Because of extensive LD in this region, CAVIAR identified 33 SNPs predicted to be causal (Table 1). The most strongly associated SNPs are located in a region conserved across vertebrates flanked by TMEM138 and TMEM216 (42) ~36 to 44 kb upstream of DDB1 and are in high LD within this cluster (r2 > 0.7 in East Africans) (Fig. 3, Table 1, and table S3). Among these, the most significantly associated SNP is rs7948623 (F test, P = 2.2 × 10−11), located 172 bp downstream of TMEM138, which shows enhancer activity in WM88 melanoma cells (91.9 to 140.8× higher than the minimal promoter; fig. S7 and table S5) and interacts with the promoters of DDB1 and neighboring genes in MCF-7 cells (Table 1 and Fig. 3) (43, 44).
A second group of tightly linked SNPs (LD r2 > 0.7 in East Africans) with predicted high probability of containing causal variants spans a ~195-kb region encompassing DDB1 and TMEM138 (Table 1 and Fig. 3). Two SNPs that tag this LD block are rs1377457 (F test, P = 1.5 × 10−9), located ~7600 bp downstream of TMEM138, and rs148172827 (F test, P = 1.8 × 10−9), an insertion/deletion polymorphism at TKFC (triokinase and FMN cyclase) located in an enhancer active in WM88 melanoma cells (67.6 to 76.2× higher than the minimal promoter; fig. S7 and table S5), which overlaps an MITF binding site in melanocytes (30, 45); both SNPs interact with the promoters of DDB1 and neighboring genes in MCF-7 cells (Table 1 and Fig. 3) (43, 44). SNPs within introns of DDB1 (rs12289370, rs7934735, rs11230664, rs12275843, and rs7120594) also tag this LD block (Table 1 and Fig. 3).
RNA-seq data from 106 primary melanocyte cultures indicate that African ancestry is significantly correlated with increased DDB1 gene expression (PCC, P = 2.6 × 10−5; fig. S9). Association tests using a permutation approach indicated that, of the 35 protein-coding genes with a transcription start site within 1 Mb of rs7948623, expression of DDB1 is most strongly associated with a SNP in an intron of DDB1, rs7120594, at marginal statistical significance after correction for ancestry and multiple testing (Padj = 0.06; fig. S9). The allele associated with dark pigmentation at rs7120594 correlates with increased DDB1 expression. We did not have the power to detect an association between expression of DDB1 and SNPs in LD with rs7948623 due to low minor allele frequencies (~2%). The role of DDB1 and neighboring loci in human pigmentation remains to be further explored.

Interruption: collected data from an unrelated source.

Lemma filt_compatible_M :
  filt_compatible (fun t => M t) (map phi (cols_in c Rphi)).
Proof.
split=> [|t]; last exact: basis_M.
suff /all_filterP <- : all (fun x => x \in M ord_max) (map phi (cols_in c Rphi)).
  exact: basis_M.
apply/allP => _ /mapP[_ /mapP[j _ ->] ->].
by rewrite mem_M_phi_u ?Ct_full ?Ct'_full ?memvf.
Qed.

Lemma supp_M j : col j Rphi != 0 ->
  supp (fun t => M t) (phi (u j)) = (supp Ct (u j) :&: supp Ct' (w j))%SET.
Proof.
move=> nz_Rj; apply/setP => t; rewrite !inE.
apply/idP/andP => [/mem_MP[a phi_uj a_supp] | [u_t w_t]]; last exact: mem_M_phi_u.
have basis_c := filt_ordered_basis_full c_filt Ct_full.
have Ra := vec_of_inj (basis_free basis_c) (lker0P phi_inj _ _ phi_uj).
suff /a_supp[] : a j 0 != 0 by [].
have : Rphi *m (a - delta_mx j 0) = 0 by rewrite mulmxBr -colE Ra subrr.
move/(reduced_mulmx_eq0 Rphi_red)/(_ nz_Rj)/eqP.
by rewrite !mxE eqxx subr_eq0 => /eqP->; apply: oner_neq0.
Qed.

Lemma filt_compatible_M_supp :
  filt_compatible (fun t => M t) (map phi (cols_in c Rphi)) /\
  forall j, col j Rphi != 0 ->
    supp (fun t => M t) (phi (u j)) = (supp Ct (u j) :&: supp Ct' (w j))%SET.
Proof. by split; [apply: filt_compatible_M | apply: supp_M]. Qed.

End ImageOfCyclesCapBoundaries.
(* For any $n\ge 1$, the degree polynomial of $(\mathsf{Tr}(n),\preccurlyeq)$ is $$\mathrm{d}_{\mathsf{Tr}(n)}(x,y)=(x+y)^{n-2}\left(x^2+(n+1)xy+y^2\right).$$
   Context: A triword of size $n$ is a word $u=u_1\cdots u_n$ with $u_i\in\{0,1,2\}$, $u_1\ne 2$, and such that $u_i=0$ implies $u_j\neq 1$ for all $j>i$; $\mathsf{Tr}(n)$ is their set, ordered componentwise ($u\preccurlyeq v$ iff $u_i\le v_i$ for all $i$). The degree polynomial is $\mathrm{d}_{\mathsf{Tr}(n)}(x,y)=\sum_{u\in\mathsf{Tr}(n)}x^{\mathrm{in}(u)}y^{\mathrm{out}(u)}$, where $\mathrm{in}(u)$ (resp. $\mathrm{out}(u)$) is the number of elements covered by (resp. covering) $u$. (For $n=1$ the formula is read as the rational expression, equal to $x+y$.) *)

From mathcomp Require Import all_boot all_algebra.
Set Implicit Arguments. Unset Strict Implicit. Unset Printing Implicit Defensive.
Import GRing.Theory.

(* A word of size n over {0,1,2}; position i (0-based) holds u_{i+1}. *)
Definition word (n : nat) := {ffun 'I_n -> 'I_3}.

Definition is_triword (n : nat) (u : word n) : bool :=
  [forall i : 'I_n, (nat_of_ord i == 0) ==> (nat_of_ord (u i) != 2)] &&
  [forall i : 'I_n, forall j : 'I_n,
     ((i < j)%N && (nat_of_ord (u i) == 0)) ==> (nat_of_ord (u j) != 1)].

Definition leW (n : nat) (u v : word n) : bool :=
  [forall i : 'I_n, (nat_of_ord (u i) <= nat_of_ord (v i))%N].
Definition ltW (n : nat) (u v : word n) : bool := leW u v && (u != v).

Definition covers (n : nat) (u v : word n) : bool :=
  [&& is_triword u, is_triword v, ltW u v &
      ~~ [exists w : word n, [&& is_triword w, ltW u w & ltW w v]]].
Lemma probability_fineK {B : set Omega} : measurable B -> (fine (P B))%:E = P B.
Proof. by move=> mB; rewrite fineK// fin_num_measure. Qed.

Lemma div_probabilityE {B : set Omega} (x : \bar R) :
  measurable B -> 0 < P B -> x / P B = x * ((fine (P B))^-1)%:E.
Proof.
move=> mB PB0; rewrite -[in LHS]probability_fineK// inver gt_eqF//.
by rewrite -lte_fin probability_fineK.
Qed.

Lemma fine_probability_le {B C : set Omega} :
  measurable B -> measurable C -> B `<=` C -> (fine (P B) <= fine (P C))%R.
Proof.
by move=> mB mC BC; rewrite fine_le ?fin_num_measure ?le_measure ?inE.
Qed.

Lemma fine_probabilityDI {B C : set Omega} : measurable B -> measurable C ->
  fine (P B) = (fine (P (B `\` C)) + fine (P (B `&` C)))%R.
Proof.
move=> mB mC; rewrite (measureDI P mB mC) fineD// fin_num_measure//.
  exact: measurableD.
exact: measurableI.
Qed.

End measure_facts.

Section tail_integral.
Context d (Omega : measurableType d) (R : realType) (P : probability Omega R).
Variables (S : set Omega) (X : Omega -> \bar R) (c : R).
Hypotheses (mS : measurable S) (mX : measurable_fun setT X) (c0 : (0 <= c)%R).
Hypothesis X0 : forall w, S w -> 0 <= X w.

Local Notation tail t := (P ([set w | t%:E < X w] `&` S)).

Let h w := fine (mine (X w) c%:E).

Let hE w : S w -> (h w)%:E = mine (X w) c%:E.
Proof.
move=> Sw; rewrite /h fineK//; have := X0 _ Sw.
by case: (X w) => [r||]//= r0; rewrite /mine; case: ifP.
Qed.

Let mg : measurable_fun setT (h \_ S).
Proof.
apply/(measurable_restrictT _ mS); apply: measurableT_comp => //.
by apply: measurable_mine => //; exact: measurable_funS mX.
Qed.

Let G : {RV P >-> R} := mfun_Sub (mem_set mg).

Let GE w : G w = (h \_ S) w. Proof. by []. Qed.

Let G_ge0 w : (0 <= G w)%R.
Proof. by rewrite GE /patch; case: ifPn => // /set_mem Sw; rewrite -lee_fin hE// le_min X0. Qed.

Let ccdf_tail t : (0 <= t < c)%R -> ccdf G t = tail t.
Proof.
move=> /andP[t0 tc]; congr (P _); apply/seteqP; split => w /=.
  rewrite in_itv/= andbT /patch; case: ifPn; last by rewrite ltNge t0.
  by move=> /set_mem Sw; rewrite -lte_fin hE// lt_min => /andP[].
move=> [tX Sw]; rewrite in_itv/= andbT /patch mem_set// -lte_fin hE//.
by rewrite lt_min tX lte_fin.
Qed.

Let ccdf_ge t : (c <= t)%R -> ccdf G t = 0.
Proof.
move=> ct; rewrite -[RHS](measure0 P); congr (P _); apply/seteqP; split => w //=.
rewrite in_itv/= andbT /patch; case: ifPn; last by rewrite ltNge (le_trans c0 ct).
move=> /set_mem Sw; rewrite -lte_fin hE// lt_min => /andP[_].
by rewrite lte_fin ltNge ct.
Qed.

Lemma measurable_tail_probability : measurable_fun `[0%R, c[ (fun t => tail t).
Proof.
apply: (eq_measurable_fun (ccdf G)); last exact: measurable_funS (ccdf_measurable G).
by move=> t; rewrite inE/= in_itv/= => /ccdf_tail.
Qed.

Lemma integral_tail_probability :
  \int[lebesgue_measure]_(t in `[0%R, c[) tail t = \int[P]_(w in S) mine (X w) c%:E.
Proof.
have := ge0_expectation_ccdf G_ge0; rewrite expectation_def.
rewrite (@itv_bndbnd_setU _ _ _ (BLeft c)) ?bnd_simp//.
rewrite integral_setU//; last 2 first.
  - exact: measurable_funS (ccdf_measurable G).
  - apply/disj_setPS => t [] /=; rewrite !in_itv/= => /andP[_ tc] /andP[ct _].
    by move: tc; rewrite ltNge ct.
rewrite [X in _ + X]integral0_eq ?adde0; last first.
  by move=> t /=; rewrite in_itv/= andbT => /ccdf_ge.
move=> E; transitivity (\int[lebesgue_measure]_(t in `[0%R, c[) ccdf G t).
  by apply: eq_integral => t; rewrite inE/= in_itv/= => /ccdf_tail.
rewrite -E [RHS]integral_mkcond; apply: eq_integral => w _.
by rewrite GE /patch; case: ifPn => // /set_mem Sw; rewrite hE.
Qed.

Hypothesis PS0 : 0 < P S.

Let condP_tailE t :
  condP P [set w | t%:E < X w] S = tail t * ((fine (P S))^-1)%:E.
Proof. exact: div_probabilityE. Qed.

Let invPS_ge0 : 0 <= ((fine (P S))^-1)%:E.
Proof. by rewrite lee_fin invr_ge0 fine_ge0. Qed.

Lemma measurable_condP_tail :
  measurable_fun `[0%R, c[ (fun t => condP P [set w | t%:E < X w] S).
Proof.
have := measurable_funeM ((fine (P S))^-1)%:E measurable_tail_probability.
by apply: eq_measurable_fun => t _; rewrite condP_tailE muleC.
Qed.

Lemma integral_condP_tail :
  \int[lebesgue_measure]_(t in `[0%R, c[) condP P [set w | t%:E < X w] S =
  condE P (fun w => mine (X w) c%:E) S.
Proof.
under eq_integral do rewrite condP_tailE.
rewrite ge0_integralZr//; last exact: measurable_tail_probability.
by rewrite integral_tail_probability /condE div_probabilityE.
Qed.

End tail_integral.

(* e l >= e (f - y + x) = y (a - e) + e x >= x (a - e) + e x = x a *)
Lemma censored_ratio_le (R : realDomainType) (x y e f a l : R) :
  (0 <= e <= a)%R -> (x <= y)%R -> (f <= l - x + y)%R -> (y * a = e * f)%R ->
  (x * a <= e * l)%R.
Proof.
move=> /andP[e0 ea] xy fl yaef.
have : (0 <= e * (l - x + y - f))%R by rewrite mulr_ge0// subr_ge0.
have : (0 <= (a - e) * (y - x))%R by rewrite mulr_ge0// subr_ge0.
nra.
Qed.

Section conditioning.
Context d (Omega : measurableType d) (R : realType) (P : probability Omega R).

Lemma le_condE (S : set Omega) (X Y : Omega -> \bar R) :
  measurable S -> measurable_fun S X -> measurable_fun S Y ->
  (forall w, S w -> 0 <= X w) -> (forall w, S w -> X w <= Y w) ->
  condE P X S <= condE P Y S.
Proof.
move=> mS mX mY X0 XY; apply: lee_wpmul2r; first by rewrite inve_ge0.
exact: ge0_le_integral.
Qed.

Lemma condP_censored_le (E F A L : set Omega) :
  measurable E -> measurable F -> measurable A -> measurable L ->
  L `<=` A -> E `&` L `<=` F -> (F `&` A) `\` E `<=` L -> 0 < P L ->
  condP P (E `&` F) A = condP P E A * condP P F A ->
  condP P E L <= condP P E A.
Proof.
move=> mE mF mA mL LA ELF FAEL PL0 indep.
have PA0 : 0 < P A by rewrite (lt_le_trans PL0)// le_measure// inE.
have mEF := measurableI _ _ mE mF; have mFA := measurableI _ _ mF mA.
have mEL := measurableI _ _ mE mL; have mEA := measurableI _ _ mE mA.
have mEFA := measurableI _ _ mEF mA.
move: indep; rewrite /condP !div_probabilityE//.
rewrite -(probability_fineK P mEFA) -(probability_fineK P mEA).
rewrite -(probability_fineK P mFA) -(probability_fineK P mEL) -!EFinM lee_fin.
move=> [indep].
set x := fine (P (E `&` L)); set y := fine (P (E `&` F `&` A)).
set e := fine (P (E `&` A)); set f := fine (P (F `&` A)).
set a := fine (P A); set l := fine (P L).
have a0 : (0 < a)%R by rewrite -lte_fin probability_fineK.
have l0 : (0 < l)%R by rewrite -lte_fin probability_fineK.
have xy : (x <= y)%R.
  apply: fine_probability_le => // w [Ew Lw].
  by split; [split => //; apply: ELF | apply: LA].
have ea : (e <= a)%R by apply: fine_probability_le => // w [].
have e0 : (0 <= e)%R by rewrite fine_ge0.
have fl : (f <= l - x + y)%R.
  rewrite /f /l (fine_probabilityDI P mFA mE) (fine_probabilityDI P mL mE).
  rewrite (setIC L) -/x addrK lerD//; apply: fine_probability_le => //.
  - exact: measurableD.
  - exact: measurableD.
  - by move=> w [FAw nEw]; split => //; apply: FAEL.
  - exact: measurableI.
  - by move=> w [[Fw Aw] Ew].
rewrite ler_pdivrMr// mulrAC ler_pdivlMr//.
apply: (@censored_ratio_le _ x y e f a l) => //; first by rewrite e0 ea.
by rewrite -[y](divfK (lt0r_neq0 a0)) indep -/e -/f -/a; field; rewrite lt0r_neq0.
Qed.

The derived rs7948623 (T) allele near TMEM138 (associated with dark pigmentation) is most common in East African Nilo-Saharan populations and is at moderate to high frequency in South Asian and Australo-Melanesian populations (Fig. 1 and fig. S4). At SNP rs11230664, within DDB1, the ancestral (C) allele (associated with dark pigmentation) is common in all sub-Saharan African populations, having the highest frequency in East African Nilo-Saharan, Hadza, and San populations (88 to 96%), and is at moderate to high frequency in South Asian and Australo-Melanesian populations (12 to 66%) (Fig. 1 and fig. S4). The derived (T) allele (associated with light pigmentation) is nearly fixed in European, East Asian, and Native American populations.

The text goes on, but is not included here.